1+2R\mod 10 = C. The only possibility still available is R = 7 and C = 5 with H = 8. The two digits left are 0 and 4 and those are indeed what B and M work out to respectively. The sum is 6247663+6837633=13085296.

Second puzzle:

We’ll assume everything’s okay until we hit a contradiction. By exactly the same logic as before E = 1, Y= 6, D = 3. In column 7, D+Y=9 so T=9\textrm{ or }0. Since in column 5 2B\mod{10} cannot be 1, there must be a carry into that column, meaning T=9.

But in column 9, K+D\mod{10}=T so K=6 which is not available.

If one of the letters column 5 is wrong then there could be no carry into that column, in which case we could have T = 0, and then K=7. But from column 4 we’d still need B = 6\textrm{ or }7 neither of which is possible. So the problem lies elsewhere.
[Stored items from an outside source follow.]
(* The sequence can only cross from near [a] to near [b] in small steps, so it
   passes near every intermediate value infinitely often. *)
Lemma cluster_point_between u a b :
  (forall eps, eps > 0 -> exists N, forall n, (n >= N)%nat -> Rabs (u (S n) - u n) < eps) ->
  cluster_point u a -> cluster_point u b -> forall x, a <= x <= b -> cluster_point u x.
Proof.
  intros Hsteps Ha Hb x Hx eps He N.
  destruct (Hsteps eps He) as [N' HN'].
  destruct (Ha eps He (Nat.max N N')) as [n1 [Hn1 H1]].
  destruct (Hb eps He n1) as [n2 [Hn2 H2]].
  apply Rabs_def2 in H1. apply Rabs_def2 in H2.
  destruct (Rlt_le_dec (x - eps) (u n1)) as [Hc|Hc].
  { exists n1. split; [lia|]. apply Rabs_def1; lra. }
  assert (Hwalk : forall m, (exists n, (n1 <= n <= n1 + m)%nat /\ Rabs (u n - x) < eps)
                            \/ u (n1 + m)%nat <= x - eps).
  { induction m as [|m [[n [Hn Hxn]]|Hbelow]].
    - right. now rewrite Nat.add_0_r.
    - left. exists n. split; [lia | exact Hxn].
    - destruct (Rle_lt_dec (u (n1 + S m)%nat) (x - eps)) as [Hd|Hd]; [now right|].
      left. exists (n1 + S m)%nat. split; [lia|].
      assert (Hs := HN' (n1 + m)%nat ltac:(lia)).
      rewrite <- Nat.add_succ_r in Hs. apply Rabs_def2 in Hs. apply Rabs_def1; lra. }
  destruct (Hwalk (n2 - n1)%nat) as [[n [Hn Hxn]]|Hd].
  - exists n. split; [lia | exact Hxn].
  - replace (n1 + (n2 - n1))%nat with n2 in Hd by lia. lra.
Qed.

Lemma cluster_points_interval u :
  (forall n, 0 <= u n <= 1) ->
  (forall eps, eps > 0 -> exists N, forall n, (n >= N)%nat -> Rabs (u (S n) - u n) < eps) ->
  exists a b, 0 <= a <= b /\ b <= 1 /\ forall x, cluster_point u x <-> a <= x <= b.
Proof.
  intros Hu Hsteps.
  destruct (cluster_point_max u Hu) as [b [Hb Hmax]].
  assert (Hu' : forall n, 0 <= 1 - u n <= 1) by (intros n; specialize (Hu n); lra).
  destruct (cluster_point_max _ Hu') as [b' [Hb' Hmax']].
  assert (Hlow : cluster_point u (1 - b')).
  { apply cluster_point_one_minus. now replace (1 - (1 - b')) with b' by ring. }
  assert (Hmin : forall x, cluster_point u x -> 1 - b' <= x).
  { intros x Hx. apply cluster_point_one_minus in Hx. specialize (Hmax' _ Hx). lra. }
  exists (1 - b'), b.
  pose proof (cluster_point_bounds u Hu _ Hb). pose proof (cluster_point_bounds u Hu _ Hlow).
  pose proof (Hmax _ Hlow).
  split; [lra|]. split; [lra|]. intros x. split.
  - intros Hx. split; [now apply Hmin | now apply Hmax].
  - now apply (cluster_point_between u (1 - b') b Hsteps Hlow Hb).
Qed.

Lemma length_filter_mono {A} (f g : A -> bool) l :
  (forall x, f x = true -> g x = true) -> (length (filter f l) <= length (filter g l))%nat.
Proof.
  intros Hfg. induction l as [|x l IH]; simpl; [lia|].
  destruct (f x) eqn:Hf; [rewrite (Hfg x Hf)|destruct (g x)]; simpl; lia.
Qed.

Lemma length_filter_map {A B} (f : B -> bool) (h : A -> B) l :
  length (filter f (map h l)) = length (filter (fun x => f (h x)) l).
Proof. induction l as [|x l IH]; simpl; [|destruct (f (h x)); simpl]; auto. Qed.

Lemma In_tuples k n l : In l (tuples k n) -> length l = k /\ Forall (fun x => (x < n)%nat) l.
Proof.
  revert l. induction k as [|k IH]; intros l Hl; simpl in Hl.
  - destruct Hl as [<-|[]]. auto.
  - apply in_flat_map in Hl as [l' [Hl' Hin]].
    apply in_map_iff in Hin as [x [<- Hx]]. apply in_seq in Hx.
    destruct (IH l' Hl'). simpl. split; auto. constructor; auto; lia.
Qed.

Lemma nodupb_NoDup l : nodupb l = true -> NoDup l.
Proof.
  induction l as [|x l IH]; simpl; intros Hl; constructor;
    apply andb_prop in Hl as [Hx Hl]; auto.
  intros Hin. enough (existsb (Nat.eqb x) l = true) as E by (rewrite E in Hx; discriminate).
  apply existsb_exists. exists x. split; auto. apply Nat.eqb_refl.
Qed.

Definition nodup_tuples_count (k n : nat) : nat := length (filter nodupb (tuples k n)).

Lemma nodup_extensions_count l n :
  NoDup l -> Forall (fun x => (x < n)%nat) l ->
  (length (filter (fun x => nodupb (x :: l)) (seq 0 n)) <= n - length l)%nat.
Proof.
  intros Hnd Hlt.
  assert (Hin : (length l <= length (filter (fun x => existsb (Nat.eqb x) l) (seq 0 n)))%nat).
  { apply NoDup_incl_length; auto. intros x Hx. apply filter_In. split.
    - apply in_seq. rewrite Forall_forall in Hlt. specialize (Hlt x Hx). lia.
    - apply existsb_exists. exists x. split; auto. apply Nat.eqb_refl. }
  pose proof (filter_length (fun x => existsb (Nat.eqb x) l) (seq 0 n)) as Hsplit.
  rewrite length_seq in Hsplit.
  enough (length (filter (fun x => nodupb (x :: l)) (seq 0 n)) <=
          length (filter (fun x => negb (existsb (Nat.eqb x) l)) (seq 0 n)))%nat by lia.
  apply length_filter_mono. intros x. simpl. now destruct (negb _).
Qed.

Lemma nodup_tuples_count_succ k n :
  (nodup_tuples_count (S k) n <= nodup_tuples_count k n * (n - k))%nat.
Proof.
  unfold nodup_tuples_count. simpl.
  assert (Hspec := In_tuples k n).
  induction (tuples k n) as [|l L IH]; simpl; [lia|].
  rewrite filter_app, length_app, length_filter_map.
  specialize (IH (fun l' H => Hspec l' (or_intror H))).
  destruct (Hspec l (or_introl eq_refl)) as [Hlen Hlt].
  destruct (nodupb l) eqn:Hl; simpl.
  - pose proof (nodup_extensions_count l n (nodupb_NoDup l Hl) Hlt). subst k. simpl in *. lia.
  - rewrite (filter_ext _ (fun _ => false)) by (intros x; simpl; now rewrite Hl, andb_false_r).
    rewrite filter_false. simpl. lia.
Qed.

Lemma nodup_tuples_count_fact k n :
  (k <= n)%nat -> (nodup_tuples_count k n * fact (n - k) <= fact n)%nat.
Proof.
  induction k as [|k IH]; intros Hk.
  - unfold nodup_tuples_count. simpl. rewrite Nat.sub_0_r. lia.
  - specialize (IH ltac:(lia)).
    replace (n - k)%nat with (S (n - S k)) in IH by lia. simpl fact in IH.
    pose proof (nodup_tuples_count_succ k n) as Hsucc.
    replace (n - k)%nat with (S (n - S k)) in Hsucc by lia.
    apply (Nat.le_trans _ (nodup_tuples_count k n * S (n - S k) * fact (n - S k))); [|lia].
    now apply Nat.mul_le_mono_r.
Qed.

Lemma t_ind_bounds k H n F : 0 <= t_ind k H n F <= 1.
Proof.
  unfold t_ind. destruct (n <? k)%nat eqn:Hnk; [lra|]. apply Nat.ltb_ge in Hnk.
  assert (Hle : (Defs.ind k H n F * fact (n - k) <= fact n)%nat).
  { apply (Nat.le_trans _ (nodup_tuples_count k n * fact (n - k))).
    - apply Nat.mul_le_mono_r, length_filter_mono.
      intros phi Hphi. now apply andb_prop in Hphi as [Hphi _].
    - now apply nodup_tuples_count_fact. }
  apply le_INR in Hle. rewrite mult_INR in Hle.
  pose proof (INR_fact_lt_0 n). pose proof (INR_fact_lt_0 (n - k)). pose proof (pos_INR (Defs.ind k H n F)).
  split.
  - apply Rmult_le_pos; [apply Rmult_le_pos; lra|]. left. now apply Rinv_0_lt_compat.
  - apply Rmult_le_reg_r with (INR (fact n)); auto. unfold Rdiv.
    rewrite Rmult_assoc, Rinv_l; lra.
Qed.

Fixpoint sum_to (f : nat -> nat) (n : nat) : nat :=
  match n with O => O | S m => (sum_to f m + f m)%nat end.

Lemma sum_to_ext f g n : (forall i, (i < n)%nat -> f i = g i) -> sum_to f n = sum_to g n.
Proof. induction n; simpl; intros Hfg; auto. rewrite IHn, Hfg; auto. Qed.

Lemma sum_to_add f g n : sum_to (fun i => f i + g i)%nat n = (sum_to f n + sum_to g n)%nat.
Proof. induction n; simpl; lia. Qed.
Lemma circ_dist_periodic Q t k : 0 < Q -> circ_dist Q (t + 2 * Q * IZR k) = circ_dist Q t.
Proof.
  intros HQ. unfold circ_dist.
  replace ((t + 2 * Q * IZR k) / (2 * Q)) with (t / (2 * Q) + IZR k) by (field; lra).
  rewrite Int_part_plus_IZR, plus_IZR.
  replace (t / (2 * Q) + IZR k - (IZR (Int_part (t / (2 * Q))) + IZR k))
    with (t / (2 * Q) - IZR (Int_part (t / (2 * Q)))) by ring.
  reflexivity.
Qed.

(* Negation maps the fractional part [r] to [1 - r] (or keeps [0]), and [Rmin r (1 - r)] is symmetric. *)
Lemma circ_dist_opp Q t : 0 < Q -> circ_dist Q (- t) = circ_dist Q t.
Proof.
  intros HQ. unfold circ_dist.
  replace (- t / (2 * Q)) with (- (t / (2 * Q))) by (field; lra).
  set (x := t / (2 * Q)). destruct (base_Int_part x) as [H1 H2].
  set (z := Int_part x) in *.
  destruct (Req_dec (IZR z) x) as [Heq|Hne].
  - assert (Hz : Int_part (- x) = (- z)%Z) by (symmetry; apply Int_part_spec; rewrite opp_IZR; lra).
    rewrite Hz, opp_IZR. replace (- x - - IZR z) with 0 by lra. replace (x - IZR z) with 0 by lra.
    reflexivity.
  - assert (Hz : Int_part (- x) = (- z - 1)%Z)
      by (symmetry; apply Int_part_spec; rewrite minus_IZR, opp_IZR; simpl; lra).
    rewrite Hz, minus_IZR, opp_IZR. simpl IZR.
    replace (- x - (- IZR z - 1)) with (1 - (x - IZR z)) by ring.
    replace (1 - (1 - (x - IZR z))) with (x - IZR z) by ring.
    now rewrite Rmin_comm.
Qed.

Lemma circ_dist_0 Q : circ_dist Q 0 = 0.
Proof.
  unfold circ_dist. replace (0 / (2 * Q)) with 0 by (unfold Rdiv; ring).
  assert (Hz : Int_part 0 = 0%Z) by (symmetry; apply Int_part_spec; simpl; lra).
  rewrite Hz. simpl. replace (0 - 0) with 0 by ring. rewrite Rmin_left by lra. ring.
Qed.

Lemma torus_dist_sym Q p p' : 0 < Q -> torus_dist Q p p' = torus_dist Q p' p.
Proof.
  intros HQ. unfold torus_dist.
  replace (fst p' - fst p) with (- (fst p - fst p')) by ring.
  replace (snd p' - snd p) with (- (snd p - snd p')) by ring.
  rewrite !circ_dist_opp by auto. reflexivity.
Qed.

Lemma torus_dist_diag Q p : torus_dist Q p p = 0.
Proof.
  unfold torus_dist. rewrite !Rminus_diag, circ_dist_0.
  replace (0 ^ 2 + 0 ^ 2) with 0 by ring. apply sqrt_0.
Qed.

Lemma center_in_closed_cell eps m i : 0 < eps -> in_closed_cell eps m i (center eps m i).
Proof.
  intros He. exists 0, 0. rewrite Rabs_R0. repeat split; try lra.
  destruct (center eps m i); simpl. f_equal; ring.
Qed.

Lemma is_lub_iff (E E' : R -> Prop) a : (forall r, E r <-> E' r) -> is_lub E a -> is_lub E' a.
Proof.
  intros H [Hub Hleast]. split.
  - intros r Hr. apply Hub, H, Hr.
  - intros u Hu. apply Hleast. intros r Hr. apply Hu, H, Hr.
Qed.

Definition sub_mod (m a p : nat) : nat := if Nat.leb p a then (a - p)%nat else (a + m - p)%nat.

Lemma sub_mod_lt m a p : (a < m)%nat -> (p < m)%nat -> (sub_mod m a p < m)%nat.
Proof. intros. unfold sub_mod. destruct (Nat.leb_spec p a); lia. Qed.

Lemma sub_mod_involutive m a p : (a < m)%nat -> (p < m)%nat -> sub_mod m a (sub_mod m a p) = p.
Proof.
  intros. unfold sub_mod.
  destruct (Nat.leb_spec p a); [destruct (Nat.leb_spec (a - p) a)|destruct (Nat.leb_spec (a + m - p) a)]; lia.
Qed.

Lemma sub_mod_real m a p (eps Q : R) : INR m * eps = 2 * Q -> (a < m)%nat -> (p < m)%nat ->
  exists z, INR a * eps - INR p * eps = INR (sub_mod m a p) * eps + 2 * Q * IZR z.
Proof.
  intros Hm Ha Hp. unfold sub_mod. destruct (Nat.leb_spec p a).
  - exists 0%Z. rewrite minus_INR by lia. simpl. lra.
  - exists (-1)%Z. rewrite minus_INR, plus_INR by lia. simpl IZR. rewrite <- Hm. lra.
Qed.

(* The cell whose center is [a_i - a_j] on the torus. *)
Definition cell_diff (m i j : nat) : nat :=
  (sub_mod m (i / m) (j / m) * m + sub_mod m (i mod m) (j mod m))%nat.

Lemma div_mod_lt m i : (i < m * m)%nat -> (i / m < m)%nat /\ (i mod m < m)%nat.
Proof.
  intros H. assert (m <> 0%nat) by (intro; subst; lia). split.
  - apply Nat.Div0.div_lt_upper_bound. lia.
  - apply Nat.mod_upper_bound; auto.
Qed.

Lemma cell_diff_spec m i j : (i < m * m)%nat -> (j < m * m)%nat ->
  (cell_diff m i j < m * m)%nat /\
  (cell_diff m i j / m = sub_mod m (i / m) (j / m))%nat /\
  (cell_diff m i j mod m = sub_mod m (i mod m) (j mod m))%nat.
Proof.
  intros Hi Hj. destruct (div_mod_lt m i Hi), (div_mod_lt m j Hj).
  pose proof (sub_mod_lt m _ _ H H1). pose proof (sub_mod_lt m _ _ H0 H2).
  unfold cell_diff. split; [nia|split].
  - symmetry. apply Nat.div_unique with (sub_mod m (i mod m) (j mod m)); auto. lia.
  - symmetry. apply Nat.mod_unique with (sub_mod m (i / m) (j / m)); auto. lia.
Qed.

Lemma cell_diff_inj m i j j' : (i < m * m)%nat -> (j < m * m)%nat -> (j' < m * m)%nat ->
  cell_diff m i j = cell_diff m i j' -> j = j'.
Proof.
  intros Hi Hj Hj' E.
  destruct (cell_diff_spec m i j Hi Hj) as [_ [A1 A2]].
  destruct (cell_diff_spec m i j' Hi Hj') as [_ [B1 B2]].
  destruct (div_mod_lt m i Hi), (div_mod_lt m j Hj), (div_mod_lt m j' Hj').
  rewrite E in A1, A2. rewrite A1 in B1. rewrite A2 in B2.
  assert (j / m = j' / m)%nat
    by (rewrite <- (sub_mod_involutive m (i / m) (j / m)), B1, sub_mod_involutive; auto).
  assert (j mod m = j' mod m)%nat
    by (rewrite <- (sub_mod_involutive m (i mod m) (j mod m)), B2, sub_mod_involutive; auto).
  assert (m <> 0%nat) by (intro; subst; lia).
  rewrite (Nat.div_mod j m), (Nat.div_mod j' m) by auto. lia.
Qed.

Lemma rsum_cell_diff m i (h : nat -> R) : (i < m * m)%nat ->
  rsum (fun j => h (cell_diff m i j)) (m * m) = rsum h (m * m).
Proof.
  intros Hi. apply rsum_permute.
  - intros j j' Hj Hj'. now apply cell_diff_inj.
  - intros j Hj. now apply cell_diff_spec.
Qed.

Lemma center_cell_diff eps Q m i j : INR m * eps = 2 * Q -> (i < m * m)%nat -> (j < m * m)%nat ->
  exists z1 z2,
    fst (center eps m i) - fst (center eps m j) =
      fst (center eps m (cell_diff m i j)) - fst (center eps m O) + 2 * Q * IZR z1 /\
    snd (center eps m i) - snd (center eps m j) =
      snd (center eps m (cell_diff m i j)) - snd (center eps m O) + 2 * Q * IZR z2.
Proof.
  intros Hm Hi Hj.
  destruct (cell_diff_spec m i j Hi Hj) as [_ [Hdiv Hmod]].
  destruct (div_mod_lt m i Hi), (div_mod_lt m j Hj).
  destruct (sub_mod_real m (i / m) (j / m) eps Q Hm) as [z1 Hz1]; auto.
  destruct (sub_mod_real m (i mod m) (j mod m) eps Q Hm) as [z2 Hz2]; auto.
  exists z1, z2. unfold center; simpl.
  rewrite Hdiv, Hmod, Nat.Div0.div_0_l, Nat.Div0.mod_0_l. simpl. lra.
Qed.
Maybe a letter in column 9 is wrong. Then R=0, and B=5. H=7. If there’s a carry into column 8 then M+7=P, which doesn’t work, so there’s no carry and M+6=P means M=2, P=8. We’re left with K=4 which gives the incorrect sum 695513243+673596633=1369109896; if the first two numbers are right the sum should be 1369109876. Or if the first number is right and the sum is right the second number should be 673596653. Or if the second number is right and the sum is right the first number should be 695513263. We can’t determine which letter is incorrect.

This doesn’t rule out other possibilities, such as that one of the letters in column 7 or column 10 is wrong.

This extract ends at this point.